[Records from a data collection]
Segment Open
Lemma is_deriv_01_continuous_within g g' t :
  is_deriv_01 g g' -> 0 <= t <= 1 -> continuous_within 0 1 g t.
Proof.
  intros Hd Ht eps Heps.
  destruct (Hd t Ht (ball (g' t) 1)) as [d Hd'].
  { exists (mkposreal 1 Rlt_0_1). auto. }
  set (M := Rabs (g' t) + 1).
  assert (HM : 0 < M) by (unfold M; pose proof (Rabs_pos (g' t)); lra).
  assert (Hpos : 0 < Rmin d (eps / M)).
  { apply Rmin_pos; [apply cond_pos | now apply Rdiv_lt_0_compat]. }
  exists (Rmin d (eps / M)). split; auto. intros y Hy Hyt.
  pose proof (Rmin_l d (eps / M)). pose proof (Rmin_r d (eps / M)).
  destruct (Req_dec y t) as [->|Hne]; [rewrite Rminus_eq_0, Rabs_R0; lra|].
  assert (Hq : Rabs ((g y - g t) / (y - t)) <= M).
  { assert (Hb : ball t d y) by (apply ball_Rabs; lra).
    specialize (Hd' _ Hb (conj Hy Hne)). change (Rabs ((g y - g t) / (y - t) - g' t) < 1) in Hd'.
    pose proof (Rabs_triang_inv ((g y - g t) / (y - t)) (g' t)). unfold M. lra. }
  assert (Hyt0 : 0 < Rabs (y - t)) by (apply Rabs_pos_lt; lra).
  replace (g y - g t) with ((g y - g t) / (y - t) * (y - t)) by (field; lra).
  rewrite Rabs_mult.
  apply Rle_lt_trans with (M * Rabs (y - t)); [apply Rmult_le_compat_r; lra|].
  assert (Hlt : Rabs (y - t) < eps / M) by lra.
  apply Rmult_lt_compat_l with (r := M) in Hlt; auto.
  now replace (M * (eps / M)) with eps in Hlt by (field; lra).
Qed.

Lemma within_01_proper x : 0 <= x <= 1 ->
  ProperFilter' (within (fun y => 0 <= y <= 1 /\ y <> x) (locally x)).
Proof.
  intros Hx. split; [|apply within_filter, locally_filter].
  intros [d Hd]. pose proof (cond_pos d).
  pose proof (Rmin_l (d / 2) (1 / 2)). pose proof (Rmin_r (d / 2) (1 / 2)).
  assert (He : 0 < Rmin (d / 2) (1 / 2)) by (apply Rmin_pos; lra).
  set (e := Rmin (d / 2) (1 / 2)) in *.
  destruct (Rle_dec x (1 / 2)).
  - apply (Hd (x + e)); [|split; lra].
    apply ball_Rabs. rewrite Rplus_minus_l, Rabs_pos_eq; lra.
  - apply (Hd (x - e)); [|split; lra].
    apply ball_Rabs. replace (x - e - x) with (- e) by ring.
    rewrite Rabs_Ropp, Rabs_pos_eq; lra.
Qed.

Lemma is_deriv_01_const_minus u u' v v' c :
  is_deriv_01 u u' -> is_deriv_01 v v' ->
  (forall z, 0 <= z <= 1 -> u z = c - v z) ->
  forall z, 0 <= z <= 1 -> u' z = - v' z.
Proof.
  intros Hu Hv Huv z Hz.
  pose proof (within_01_proper z Hz).
  apply (filterlim_locally_unique (fun y => (u y - u z) / (y - z))); [exact (Hu z Hz)|].
  eapply filterlim_ext_loc;
    [|exact (filterlim_comp _ _ _ _ opp _ _ _ (Hv z Hz) (filterlim_opp (v' z)))].
  unfold within. apply filter_forall. intros y [Hy Hne].
  rewrite (Huv y Hy), (Huv z Hz). unfold opp; simpl. field. lra.
Qed.

Lemma deriv_chain_one_minus f D E m :
  deriv_chain f D m -> deriv_chain (fun x => 1 - f x) E m ->
  forall j, (j <= m)%nat -> exists c, forall z, 0 <= z <= 1 -> E j z = c - D j z.
Proof.
  intros [HD0 HDd] [HE0 HEd]. induction j as [|j IHj]; intros Hj.
  - exists 1. intros z Hz. now rewrite HE0, HD0.
  - destruct (IHj ltac:(lia)) as [c Hc].
    exists 0. intros z Hz. rewrite Rminus_0_l.
    exact (is_deriv_01_const_minus _ _ _ _ c (HEd j ltac:(lia)) (HDd j ltac:(lia)) Hc z Hz).
Qed.

(** * A comparison principle *)

Definition clamp (p q t : R) : R := Rmax p (Rmin q t).

Lemma clamp_between p q t : p <= q -> p <= clamp p q t <= q.
Proof. unfold clamp, Rmax, Rmin; intros; repeat destruct Rle_dec; lra. Qed.

Lemma clamp_id p q t : p <= t <= q -> clamp p q t = t.
Proof. unfold clamp, Rmax, Rmin; intros; repeat destruct Rle_dec; lra. Qed.

Lemma clamp_dist p q t c : p <= q -> p <= c <= q -> Rabs (clamp p q t - c) <= Rabs (t - c).
Proof.
  unfold clamp, Rmax, Rmin; intros; repeat destruct Rle_dec;
    unfold Rabs; repeat destruct Rcase_abs; lra.
Qed.

(* Composing with [clamp p q] turns continuity within [p, q] into continuity
   on all of R, as required by [MVT_gen]; the derivative is replaced by
   [Rmax 0 g'] since the mean-value point may be an endpoint. *)
Lemma nondecreasing_of_derive_nonneg (g g' : R -> R) (p q : R) :
  p < q ->
  (forall t, p <= t <= q -> continuous_within p q g t) ->
  (forall s, p < s < q -> is_derive g s (g' s) /\ 0 <= g' s) ->
  g p <= g q.
Proof.
  intros Hpq Hc Hd.
  destruct (MVT_gen (fun t => g (clamp p q t)) p q (fun s => Rmax 0 (g' s)))
    as [c [_ Hmvt]];
    rewrite ?Rmin_left, ?Rmax_right by lra.
  - intros s Hs. destruct (Hd s Hs) as [Hds Hpos]. rewrite Rmax_right by lra.
    apply (is_derive_ext_loc g); [|exact Hds].
    assert (Hr : 0 < Rmin (s - p) (q - s)) by (apply Rmin_pos; lra).
    exists (mkposreal _ Hr). intros t Ht.
    assert (Hts : Rabs (t - s) < Rmin (s - p) (q - s)) by exact Ht.
    apply Rabs_lt_between in Hts.
    pose proof (Rmin_l (s - p) (q - s)). pose proof (Rmin_r (s - p) (q - s)).
    rewrite clamp_id; lra.
  - intros c Hc0 eps Heps. destruct (Hc c Hc0 eps Heps) as [d [Hd0 Hd1]].
    exists d. split; auto. intros t [_ Ht]. simpl in Ht |- *. unfold Rdist in *.
    rewrite (clamp_id p q c) by lra.
    apply Hd1; [apply clamp_between; lra|].
    eapply Rle_lt_trans; [apply clamp_dist; lra | exact Ht].
  - rewrite (clamp_id p q p), (clamp_id p q q) in Hmvt by lra.
    pose proof (Rmax_l 0 (g' c)).
    assert (0 <= Rmax 0 (g' c) * (q - p)) by (apply Rmult_le_pos; lra). lra.
Qed.

Lemma Rabs_increment_le_of_derive (u u' psi psi' : R -> R) (p q : R) :
  p < q ->
  (forall t, p <= t <= q -> continuous_within p q u t) ->
  (forall s, p < s < q -> is_derive u s (u' s)) ->
  (forall s, is_derive psi s (psi' s)) ->
  (forall s, p < s < q -> Rabs (u' s) <= psi' s) ->
  Rabs (u q - u p) <= psi q - psi p.
Proof.
  intros Hpq Hu Hu' Hpsi Hb.
  assert (Hmono : forall sg, Rabs sg = 1 ->
    psi p + sg * u p <= psi q + sg * u q).
  { intros sg Hsg. apply (nondecreasing_of_derive_nonneg (fun y => psi y + sg * u y)
      (fun s => psi' s + sg * u' s)); auto.
    - intros t Ht. apply continuous_within_plus;
        [eapply is_derive_continuous_within, Hpsi | now apply continuous_within_scal, Hu].
    - intros s Hs. split; [apply (is_derive_plus psi), is_derive_scal; auto|].
      specialize (Hb s Hs).
      assert (Hsu : Rabs (sg * u' s) = Rabs (u' s)) by now rewrite Rabs_mult, Hsg, Rmult_1_l.
      assert (Hb' : Rabs (sg * u' s) <= psi' s) by lra.
      apply Rabs_le_between in Hb'. lra. }
  pose proof (Hmono 1 Rabs_R1). pose proof (Hmono (-1) ltac:(rewrite Rabs_left; lra)).
  apply Rabs_le. lra.
Qed.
Segment Closed
» AIM OF THE EXERCISE
Make a copy of each line in the records above that has the word "repeat".

» WRITTEN RESPONSE
Proof. unfold clamp, Rmax, Rmin; intros; repeat destruct Rle_dec; lra. Qed.
Proof. unfold clamp, Rmax, Rmin; intros; repeat destruct Rle_dec; lra. Qed.
  unfold clamp, Rmax, Rmin; intros; repeat destruct Rle_dec;
    unfold Rabs; repeat destruct Rcase_abs; lra.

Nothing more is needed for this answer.